In [2]:
import numpy as np
import pandas as pd

# Let's generate random data frame with 1000 rows
df = pd.DataFrame({'test': np.random.sample(1000)})
df.head()

Unnamed: 0,test
0,0.115094
1,0.536578
2,0.308461
3,0.963758
4,0.351376


In [3]:
# Let's say we want to add 1 to 'data' column of all the columns.

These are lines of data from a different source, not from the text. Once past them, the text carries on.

(* A /\ B is the complement of the countable union ~A, ~B, ~B, ... *)
Lemma m_inter A B : m A -> m B -> m (fun x => A x /\ B x).
Proof.
  intros HA HB. destruct Hs as [_ [_ HU]].
  set (F := fun n : nat => match n with 0 => fun x => ~ A x | _ => fun x => ~ B x end).
  assert (HF : forall n, m (F n)) by (intros [|n]; apply m_compl; auto).
  replace (fun x => A x /\ B x) with (fun x => ~ exists n, F n x).
  - exact (m_compl (HU _ HF)).
  - apply set_ext; intro x; split.
    + intro H; split; apply NNPP; intro Hn; apply H; [exists 0 | exists 1]; exact Hn.
    + intros [Ha Hb] [[|n] Hn]; auto.
Qed.

End SigmaAlgebra.

Section Ultrafilters.
Variable S : Type.
Variable m : set (set S).
Hypothesis Hs : is_sigma_algebra m.

Lemma u_m (p : ultra m) A : uf p A -> m A.
Proof. destruct (uf_ultra p) as [[H _] _]; auto. Qed.

Lemma u_full (p : ultra m) : uf p (fun _ => True).
Proof. destruct (uf_ultra p) as [[_ [_ [H _]]] _]; auto. Qed.

Lemma u_inter (p : ultra m) A B : uf p A -> uf p B -> uf p (fun x => A x /\ B x).
Proof. destruct (uf_ultra p) as [[_ [_ [_ [_ H]]]] _]; auto. Qed.

Lemma u_nonempty (p : ultra m) A : uf p A -> exists x, A x.
Proof.
  intro H. apply NNPP; intro Hn.
  destruct (uf_ultra p) as [[_ [H0 _]] _]. apply H0.
  replace (fun _ : S => False) with A; auto.
  apply set_ext; intro x; split; [intro; apply Hn; eauto | tauto].
Qed.

Lemma u_not_both (p : ultra m) A : uf p A -> uf p (fun x => ~ A x) -> False.
Proof. intros H1 H2. destruct (u_nonempty (u_inter H1 H2)) as [x [a b]]; auto. Qed.

(* Ultrafilters are prime: if ~A is not in p, then the m-filter generated by
   p and A is proper and contains p, so by maximality it is p itself. *)
Lemma u_compl (p : ultra m) A : m A -> uf p A \/ uf p (fun x => ~ A x).
Proof.
  intro HA. destruct (classic (uf p (fun x => ~ A x))) as [H|H]; auto. left.
  destruct (uf_ultra p) as [Hf Hmax].
  destruct Hf as [Hm [H0 [HT [Hsup Hint]]]].
  set (q := fun B => m B /\ exists C, uf p C /\ forall x, C x -> A x -> B x).
  assert (Hq : is_mfilter m q).
  { split; [|split; [|split; [|split]]].
    - intros B [? _]; auto.
    - intros [_ [C [HC HCA]]]. apply H, Hsup with C; auto. apply m_compl; auto.
    - split; [apply m_full; auto|]. exists (fun _ => True); auto.
    - intros B D [HB [C [HC HCB]]] HD HBD. split; auto. exists C; auto.
    - intros B D [HB [C [HC HCB]]] [HD [C' [HC' HCD]]].
      split; [apply m_inter; auto|].
      exists (fun x => C x /\ C' x); split; auto. intros x [] ?; split; auto. }
  apply (Hmax q Hq).
  - intros B HB; split; auto. exists B; auto.
  - split; auto. exists (fun _ => True); auto.
Qed.

Lemma ueq_eq (p q : ultra m) : ueq p q -> p = q.
Proof.
  intro H. destruct p as [p Hp], q as [q Hq]; unfold ueq in H; simpl in H.
  assert (p = q) by (apply set_ext; auto). subst q.
  f_equal; apply proof_irrelevance.
Qed.

Lemma u_separate (p q : ultra m) : p <> q ->
  exists A, m A /\ uf p A /\ uf q (fun x => ~ A x).
Proof.
  intro Hne. apply NNPP; intro Hn.
  assert (Hpq : forall A, uf p A -> uf q A).
  { intros A HA. destruct (u_compl q (u_m HA)) as [|HnA]; auto.
    exfalso; apply Hn; exists A; split; [exact (u_m HA) | auto]. }
  apply Hne, ueq_eq; intro A; split; auto.
  destruct (uf_ultra p) as [_ Hmax]. apply Hmax.
  destruct (uf_ultra q); auto. exact Hpq.
Qed.

Lemma principal_exists (s : S) : exists p : ultra m, is_principal p s.
Proof.
  assert (Hu : is_multrafilter m (fun A => m A /\ A s)).
  { split.
    - split; [|split; [|split; [|split]]].
      + intros A []; auto.
      + intros [_ F]; auto.
      + split; auto; apply m_full; auto.
      + intros A B [] ? ?; split; auto.
      + intros A B [] []; split; auto. apply m_inter; auto.
    - intros q [Hm [H0 [HT [Hsup Hint]]]] Hpq A HA. split; auto.
      apply NNPP; intro Hn. apply H0.
      replace (fun _ : S => False) with (fun x => A x /\ ~ A x) by (apply set_ext; tauto).
      apply Hint; auto. apply Hpq. split; auto. apply m_compl; auto. }
  exists (Ultra Hu). intro A; simpl; tauto.
Qed.

Lemma principal_unique (p q : ultra m) s : is_principal p s -> is_principal q s -> p = q.
Proof. intros H1 H2; apply ueq_eq; intro A; rewrite (H1 A), (H2 A); tauto. Qed.

Lemma u_prime (p : ultra m) (l : list (set S)) (B : set S) :
  (forall A, In A l -> m A) -> uf p B -> (forall x, B x -> exists A, In A l /\ A x) ->
  exists A, In A l /\ uf p A.
Proof.
  revert B; induction l as [|a l IH]; intros B Hm HB Hcov.
  - destruct (u_nonempty HB) as [x Hx]. destruct (Hcov x Hx) as [A [[] _]].
  - destruct (u_compl p (Hm a (or_introl eq_refl))) as [Ha|Hna].
    + exists a; split; simpl; auto.
    + destruct (IH _ (fun A HA => Hm A (or_intror HA)) (u_inter HB Hna)) as [A [HA HpA]].
      * intros x [Bx nax]. destruct (Hcov x Bx) as [A [[<-|HA] Ax]]; [tauto | eauto].
      * exists A; split; simpl; auto.
Qed.

(* Every m-filter extends to an m-ultrafilter (Zorn's lemma).  The chains are
   taken among families that are empty or are m-filters containing F, so that
   the union of the empty chain is admissible. *)
Lemma uf_extend (F : set (set S)) : is_mfilter m F -> exists p : ultra m, forall A, F A -> uf p A.
Proof.
  intro HF. assert (HT : F (fun _ => True)) by (destruct HF as [_ [_ [HT _]]]; auto).
  set (P := fun q : set (set S) => (forall A, ~ q A) \/ (is_mfilter m q /\ forall A, F A -> q A)).
  assert (HPfilter : forall q A, P q -> q A -> is_mfilter m q /\ forall A, F A -> q A).
  { intros q A [H|H] HA; auto. exfalso; exact (H _ HA). }
  destruct (@classical_sets.Zorn_bigcup (set S) P) as [Q [HPQ HQmax]].
  - intros G HGP Htot. unfold classical_sets.bigcup.
    destruct (classic (exists X A, G X /\ X A)) as [[X0 [A0 [HX0 HA0]]]|Hno].
    2: { left. intros A [X HX HA]. apply Hno; eauto. }
    right.
    assert (HG : forall X A, G X -> X A -> is_mfilter m X /\ forall A, F A -> X A)
      by (intros X A HX; apply HPfilter, HGP, HX).
    destruct (HG X0 A0 HX0 HA0) as [_ HFX0].
    split; [split; [|split; [|split; [|split]]]|].
    + intros A [X HX HA]. destruct (HG X A HX HA) as [[Hm _] _]; auto.
    + intros [X HX HA]. destruct (HG X _ HX HA) as [[_ [H0 _]] _]; auto.
    + exists X0; auto.
    + intros A B [X HX HA] HB HAB. exists X; auto.
      destruct (HG X A HX HA) as [[_ [_ [_ [Hsup _]]]] _]; eauto.
    + intros A B [X HX HA] [Y HY HB].
      destruct (Htot X Y HX HY) as [HXY|HYX].
      * exists Y; auto. destruct (HG Y B HY HB) as [[_ [_ [_ [_ Hint]]]] _]; auto.
      * exists X; auto. destruct (HG X A HX HA) as [[_ [_ [_ [_ Hint]]]] _]; auto.
    + intros A HA. exists X0; auto.
  - destruct HPQ as [HQe|[HQf HFQ]].
    + exfalso. apply (HQmax F); [|right; split; auto].
      split; [intros A HA; exfalso; exact (HQe _ HA)|].
      intro H. exact (HQe _ (H _ HT)).
    + assert (Hu : is_multrafilter m Q).
      { split; auto. intros q Hq HQq A HqA. apply NNPP; intro HnA.
        apply (HQmax q); [|right; split; auto].
        split; [exact HQq|]. intro H. exact (HnA (H _ HqA)). }
      exists (Ultra Hu). simpl; auto.
Qed.

End Ultrafilters.

Section Topology.
Variable S : Type.
Variable m : set (set S).
Hypothesis Hs : is_sigma_algebra m.

Lemma hat_open A : m A -> is_open (fun r : ultra m => uf r A).
Proof. intros HA p Hp; exists A; auto. Qed.

Lemma continuous_comp (f g : ultra m -> ultra m) :
  continuous f -> continuous g -> continuous (fun p => f (g p)).
Proof. intros Hf Hg U HU. exact (Hg _ (Hf _ HU)). Qed.

(* Principal ultrafilters are dense: two continuous maps agreeing on them
   agree everywhere, since the target is Hausdorff. *)
Lemma continuous_ext (f g : ultra m -> ultra m) : continuous f -> continuous g ->
  (forall s (p : ultra m), is_principal p s -> f p = g p) -> forall p, f p = g p.
Proof.
  intros Hf Hg Hfg p. apply NNPP; intro Hne.
  destruct (u_separate Hs Hne) as [A [HA [H1 H2]]].
  destruct (Hf _ (hat_open HA) p H1) as [B [_ [HpB HBf]]].
  destruct (Hg _ (hat_open (m_compl Hs HA)) p H2) as [C [_ [HpC HCg]]].
  destruct (u_nonempty (u_inter HpB HpC)) as [x [Bx Cx]].
  destruct (principal_exists Hs x) as [px Hpx].
  assert (HfA : uf (f px) A) by (apply HBf, Hpx; split; [exact (u_m HpB) | auto]).
  assert (HgA : uf (g px) (fun y => ~ A y)) by (apply HCg, Hpx; split; [exact (u_m HpC) | auto]).
  rewrite (Hfg x px Hpx) in HfA. exact (u_not_both HfA HgA).
Qed.

Lemma hausdorff_ultra : hausdorff m.
Proof.
  intros p q Hn. assert (Hne : p <> q) by (intro; subst; apply Hn; intro; tauto).
  destruct (u_separate Hs Hne) as [A [HA [H1 H2]]].
  exists (fun r : ultra m => uf r A), (fun r : ultra m => uf r (fun x => ~ A x)).
  split; [exact (hat_open HA)|]. split; [exact (hat_open (m_compl Hs HA))|].
  split; [exact H1|]. split; [exact H2|].
  intros r [a b]. exact (u_not_both a b).
Qed.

# We can either do it with "vectorized addition" (which can add just a number to a vector), like this:
df.test = df.test + 1
df.head()

Unnamed: 0,test
0,1.115094
1,1.536578
2,1.308461
3,1.963758
4,1.351376


In [4]:
# Or we can try to do it with iteration:
for _, row in df.iterrows(): 
    row.test += 1
df.head()

Unnamed: 0,test
0,2.115094
1,2.536578
2,2.308461
3,2.963758
4,2.351376


In [5]:
# Let's measure how fast are both operations:

# Vectorized:
%timeit df.test = df.test + 1

275 µs ± 6.56 µs per loop (mean ± std. dev. of 7 runs, 1000 loops each)


In [6]:
# Iteration:
%timeit for _, row in df.iterrows(): row.test += 1

91.4 ms ± 3.01 ms per loop (mean ± std. dev. of 7 runs, 10 loops each)


In [7]:
ratio = 91.4e-3 / 275e-6
ratio

332.3636363636363

In [8]:
# So, as you see iteration in this case is around 300 times slower!